ぼくらのヒーローアカデミア TS脳無化錬金術ヒーローマリくんちゃんの終活 作:Radrabbit
「長かった・・・やってたの試験の丸暗記と受験だけだけど、なんだか半年分くらいの密度を濃縮して過ごしたような気がするよ」
“私も、すごく忙しかったけど何だか本当の受験生になれたみたいで、少し楽しかったです”
「そっか、それならよかった」
僕にとって二度と訪れないと思っていた最悪の二週間が過ぎ、無事雄英に合格したことで僕らは一時の平穏を享受していた。
筆記試験は操奈ちゃんのサポートのお陰で無事に乗り越えられたし、実技の方も大した障害は無かったので適当に合格ラインまでポイントを稼いで後は受験者の救助に努めていた。なるべく他の受験者の邪魔にはならないように動いたつもりだけど大丈夫だったかなぁ。
色々大変だったけど、実技試験の終了後にリカバリーガールを見れたことが一番嬉しかったかな。最後に会ったのが何年前だっけ、前見た時より少し皺が増えていたのは悲しかったけど、相変わらず元気そうで安心したよ。
そして試験が終わってから一番面白かったのが合格発表を知らせに送られてきたあの投影機械。突然オールマイトが映像で映ったものだからAFOが舌打ちして機械ぶっ壊しやがったの。笑えたけど内容聞けなかったんだよね、壊される前に解析しておけばよかった。合格してたのは書類でわかったからいいんだけどさ。
「いよいよこれで鬱臭い隠れ家ともオサラバだね、思い残しはない?」
“私の死体を好き勝手に切り開いたセクハラ爺を殴れなかったのは残念ですが、それは将来のマリさんかオールマイトに託したいと思います”
「あの爺、僕が必死こいて肉体が崩壊しないように調整し続けてたってのに、調子にのってバカスカ個性ぶち込みやがってさぁ・・・」
思い出したら腑が煮えくり返ってきたな、AFOと一つ緒にアイツの顔面もオールマイトにミンチにしてもらおう。
あの時は死んだと思ったら知らない身体になってて、身体中弄られながら得体の知れない何か・・・個性因子ってやつなんだろうけど、あれを流し込まれる経験はすぐにでも忘れ去りたい。

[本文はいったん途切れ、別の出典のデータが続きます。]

(* Let $q:\chi\to[0,\infty)$ be a risk metric that is normalized and additive. A risk-sharing rule $\boldsymbol{C}$ on $\chi^n$ is the $q$-proportional RS rule if and only if it has strongly aggregate contribution-over-$q$ ratios.
   Context: Fix a probability space $(\Omega,\mathcal{F},\mathbb{P})$ and an integer $n\ge 1$. Let $\chi$ be a convex cone of non-negative random variables on this space (closed under addition and under multiplication by positive scalars) with $0\in\chi$. All equalities between random variables are understood almost surely. A pool is a vector $\boldsymbol{X}=(X_1,\ldots,X_n)\in\chi^n$, with aggregate loss $S_{\boldsymbol{X}}=\sum_{i=1}^n X_i$. A risk-sharing (RS) rule is a mapping $\boldsymbol{C}$ assigning to every pool $\boldsymbol{X}\in\chi^n$ a vector $\boldsymbol{C}[\boldsymbol{X}]=(C_1[\boldsymbol{X}],\ldots,C_n[\boldsymbol{X}])$ of real-valued random variables satisfying $\sum_{i=1}^n C_i[\boldsymbol{X}]=S_{\boldsymbol{X}}$. A risk metric $q:\chi\to[0,\infty)$ is normalized if $q[0]=0$ and additive if $q\left[\sum_{k=1}^n X_k\right]=\sum_{k=1}^n q[X_k]$ for every $\boldsymbol{X}\in\chi^n$. The $q$-proportional RS rule is specified only on pools with $q[X_j]>0$ for at least one $j$, where it is given by $C_i[\boldsymbol{X}]=\frac{q[X_i]}{\sum_{k=1}^n q[X_k]}S_{\boldsymbol{X}}$ for $i=1,\ldots,n$; a rule ''is the $q$-proportional RS rule'' if its contributions equal these on every such pool. The rule $\boldsymbol{C}$ has strongly aggregate contribution-over-$q$ ratios if there exists a function $\mathbf{h}=(h_1,\ldots,h_n):\mathbb{R}^2\to\mathbb{R}^n$ (the same for all pools) such that for every pool $\boldsymbol{X}$ with $q[X_j]>0$ for at least one $j$, $C_i[\boldsymbol{X}]=q[X_i]\,h_i\big(S_{\boldsymbol{X}},q[S_{\boldsymbol{X}}]\big)$ for all $i=1,\ldots,n$. *)

From HB Require Import structures.
From mathcomp Require Import all_boot all_order all_algebra.
From mathcomp Require Import all_classical all_reals all_analysis.
Set Implicit Arguments. Unset Strict Implicit. Unset Printing Implicit Defensive.
Import Order.TTheory GRing.Theory Num.Theory.
Local Open Scope classical_set_scope.
Local Open Scope ring_scope.

Section RiskSharing.
Context {d : measure_display} {Omega : measurableType d} {R : realType}.

Definition is_cone (chi : set (Omega -> R)) : Prop :=
  chi (fun _ => 0) /\
  (forall X Y, chi X -> chi Y -> chi (fun w => X w + Y w)) /\
  (forall (c : R) X, 0 < c -> chi X -> chi (fun w => c * X w)).

Definition nonneg_rvs (chi : set (Omega -> R)) : Prop :=
  forall X, chi X -> measurable_fun setT X /\ (forall w, 0 <= X w).

Definition is_pool (n : nat) (chi : set (Omega -> R)) (X : 'I_n -> Omega -> R) : Prop :=
  forall i, chi (X i).

Definition aggS (n : nat) (X : 'I_n -> Omega -> R) : Omega -> R :=
  fun w => \sum_(i < n) X i w.

Definition normalized (q : (Omega -> R) -> R) : Prop := q (fun _ => 0) = 0.

Definition additive_metric (n : nat) (chi : set (Omega -> R)) (q : (Omega -> R) -> R) : Prop :=
  forall X : 'I_n -> Omega -> R, is_pool chi X -> q (aggS X) = \sum_(k < n) q (X k).

Definition is_RS_rule (P : probability Omega R) (n : nat) (chi : set (Omega -> R))
  (C : ('I_n -> Omega -> R) -> 'I_n -> Omega -> R) : Prop :=
  forall X, is_pool chi X ->
    (forall i, measurable_fun setT (C X i)) /\
    {ae P, forall w, \sum_(i < n) C X i w = aggS X w}.

Definition is_q_proportional (P : probability Omega R) (n : nat) (chi : set (Omega -> R))
  (q : (Omega -> R) -> R) (C : ('I_n -> Omega -> R) -> 'I_n -> Omega -> R) : Prop :=
  forall X, is_pool chi X -> (exists j, 0 < q (X j)) ->
    forall i, {ae P, forall w,
      C X i w = q (X i) / (\sum_(k < n) q (X k)) * aggS X w}.

(* h : R^2 -> R^n, curried *)
Definition strongly_aggregate_ratios (P : probability Omega R) (n : nat)
  (chi : set (Omega -> R)) (q : (Omega -> R) -> R)
  (C : ('I_n -> Omega -> R) -> 'I_n -> Omega -> R) : Prop :=
  exists h : R -> R -> 'I_n -> R,
    forall X, is_pool chi X -> (exists j, 0 < q (X j)) ->
      forall i, {ae P, forall w,
        C X i w = q (X i) * h (aggS X w) (q (aggS X)) i}.

End RiskSharing.

From HB Require Import structures.
From mathcomp Require Import all_boot all_order all_algebra.
From mathcomp Require Import all_classical all_reals all_analysis.
Import Order.TTheory GRing.Theory Num.Theory.
Local Open Scope classical_set_scope.
Local Open Scope ring_scope.

(* The q-proportional rule has the ratio function h(s, t) = s / t,
   since additivity makes q[S_X] the sum of the q[X_k]. Conversely, feeding
   the rule the pool in which participant i carries a whole risk S and everyone
   else carries 0 forces q[S] h_i(S, q[S]) = S, because the other
   contributions vanish (q[0] = 0); so h_i(S, q[S]) = S / q[S], which is the
   q-proportional ratio. *)

Section ProportionalRule.
Context {d : measure_display} {Omega : measurableType d} {R : realType}.
Variables (P : probability Omega R) (n : nat) (chi : set (Omega -> R)).
Variables (q : (Omega -> R) -> R) (C : ('I_n -> Omega -> R) -> 'I_n -> Omega -> R).

Definition ratio_representation (h : R -> R -> 'I_n -> R) : Prop :=
  forall X, is_pool chi X -> (exists j, 0 < q (X j)) ->
    forall i, {ae P, forall w,
      C X i w = q (X i) * h (aggS X w) (q (aggS X)) i}.

Lemma cone_aggS (X : 'I_n -> Omega -> R) :
  is_cone chi -> is_pool chi X -> chi (aggS X).
Proof.
move=> [chi0 [chiD _]] pX; rewrite /aggS.
elim: (index_enum 'I_n) => [|k s IH].
  by under eq_fun do rewrite big_nil.
by under eq_fun do rewrite big_cons; exact: chiD.
Qed.

Lemma additive_aggS_gt0 (X : 'I_n -> Omega -> R) (j : 'I_n) :
  (forall Y, chi Y -> 0 <= q Y) -> additive_metric n chi q ->
  is_pool chi X -> 0 < q (X j) -> 0 < q (aggS X).
Proof.
move=> qge0 qadd pX qj; rewrite qadd // (bigD1 j) //=.
by rewrite ltr_pwDl // sumr_ge0 // => k _; exact: qge0.
Qed.

Definition single_risk_pool (i : 'I_n) (S : Omega -> R) : 'I_n -> Omega -> R :=
  fun k => if k == i then S else (fun _ => 0).

Lemma single_risk_poolE (i : 'I_n) (S : Omega -> R) :
  single_risk_pool i S i = S.
Proof. by rewrite /single_risk_pool eqxx. Qed.

Lemma single_risk_pool_pool (i : 'I_n) (S : Omega -> R) :
  is_cone chi -> chi S -> is_pool chi (single_risk_pool i S).
Proof. by move=> [chi0 _] chiS k; rewrite /single_risk_pool; case: (k == i). Qed.

Lemma aggS_single_risk_pool (i : 'I_n) (S : Omega -> R) :
  aggS (single_risk_pool i S) = S.
Proof.
apply: funext => w; rewrite /aggS (bigD1 i) //= single_risk_poolE big1 ?addr0 //.
by move=> k /negbTE ki; rewrite /single_risk_pool ki.
Qed.

Lemma ratio_representation_single_risk (h : R -> R -> 'I_n -> R)
    (S : Omega -> R) (i : 'I_n) :
  is_cone chi -> normalized q -> is_RS_rule P chi C ->
  ratio_representation h -> chi S -> 0 < q S ->
  {ae P, forall w, h (S w) (q S) i = S w / q S}.
Proof.
move=> cone q0 RS hC chiS qS_gt0.
set Y := single_risk_pool i S.
have pY : is_pool chi Y by exact: single_risk_pool_pool.
have aggY : aggS Y = S by exact: aggS_single_risk_pool.
have qY : exists k, 0 < q (Y k) by exists i; rewrite /Y single_risk_poolE.
have hY := filter_forall (ae_filter_ringOfSetsType P) (fun k => hC Y pY qY k).
have [_ sumY] := RS Y pY.
apply: filterS (filterI hY sumY) => w [{}hY].
rewrite aggY (bigD1 i) //= big1 => [|k /negbTE ki]; last first.
  by rewrite hY /Y /single_risk_pool ki q0 mul0r.
rewrite addr0 hY aggY /Y single_risk_poolE => sumYw.
by rewrite -[in RHS]sumYw [q S * _]mulrC mulfK ?gt_eqF.
Qed.

Lemma q_proportional_ratio_representation :
  additive_metric n chi q -> is_q_proportional P chi q C ->
  ratio_representation (fun s t _ => s / t).
Proof.
move=> qadd qprop X pX qX i; apply: filterS (qprop X pX qX i) => w ->.
by rewrite qadd // mulrA mulrAC.
Qed.

Lemma ratio_representation_q_proportional (h : R -> R -> 'I_n -> R) :
  is_cone chi -> (forall X, chi X -> 0 <= q X) -> normalized q ->
  additive_metric n chi q -> is_RS_rule P chi C ->
  ratio_representation h -> is_q_proportional P chi q C.
Proof.
move=> cone qge0 q0 qadd RS hC X pX [j qj] i.
have qS_gt0 := additive_aggS_gt0 X j qge0 qadd pX qj.
have hS := ratio_representation_single_risk h _ i cone q0 RS hC
  (cone_aggS X cone pX) qS_gt0.
apply: filterS (filterI hS (hC X pX (ex_intro _ j qj) i)) => w [hSw ->].
by rewrite hSw -qadd // mulrA mulrAC.
Qed.

End ProportionalRule.

Theorem theorem4 (d : measure_display) (Omega : measurableType d) (R : realType)
  (P : probability Omega R) (n : nat) (chi : set (Omega -> R))
  (q : (Omega -> R) -> R) (C : ('I_n -> Omega -> R) -> 'I_n -> Omega -> R) :
  (0 < n)%N ->
  is_cone chi -> nonneg_rvs chi ->
  (forall X, chi X -> 0 <= q X) ->
  normalized q -> additive_metric n chi q ->
  is_RS_rule P chi C ->
  (is_q_proportional P chi q C <-> strongly_aggregate_ratios P chi q C).
Proof.
move=> _ cone _ qge0 q0 qadd RS; split.
- by move=> qprop; exists (fun s t _ => s / t);
    exact: q_proportional_ratio_representation.
- move=> [h hC].
  exact: (ratio_representation_q_proportional P n chi q C h cone qge0 q0 qadd RS hC).
Qed.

流されるように自分が溶けて無くなりそうな感覚は二度と味わいたくないね。あの時に操奈ちゃんの意識がなくてよかったよほんとに。
“やっぱり、マリさんが私の身体が壊れないようにしてくれていたんですか?”
「そうなるかな、正直死んだと思ったらふわーっとした微睡の中にいる感覚・・・あれが個性因子だけになった僕の状態ってヤツだと思うけど。そしたら突然津波みたいに何かが沢山流れ込んできてさ、流されないように必死に操奈ちゃんにしがみついて色々やってただけなんだけどね」
“個性だけになっても意識がある・・・AFOの中にもマリさんみたいになっている方がいるんでしょうか”
「そうかもね、あいつの中で個性達の暴動みたいなのが起きて自滅してくれたら楽なんだけど、そんな都合よくないだろうしねー」
実際に個性因子の状態を経験した僕から言えば多分AFOの中でも意識を持った個性が沢山いるとは思うけれど、あんなクソ野郎の中で意識を持たされている状態なんてどんな拷問だろうか。僕もあの邪悪なヴィランの所業を強制的に見せ続けられることになっていたかも知れないと考えると少し寒気がする。
「さてと、それじゃあそろそろ出ようか。次に来る時はオールマイトと一緒に来れるといいね」
“きっとそうなりますよ、一緒に頑張りましょう”
最悪な僕らの死に場所へ別れを告げて歩み出す。考えるだけでも憂鬱なことばかりだけど、操奈ちゃんの明るい未来のために僕らのヒーローアカデミアで精一杯頑張るとしましょうか。
◇◇◇◇◇
時間を少し飛ばして入学初日。雄英高校にくるのは卒業して以来だから11年ぶりかな。・・・昔より規模がデカくなってない?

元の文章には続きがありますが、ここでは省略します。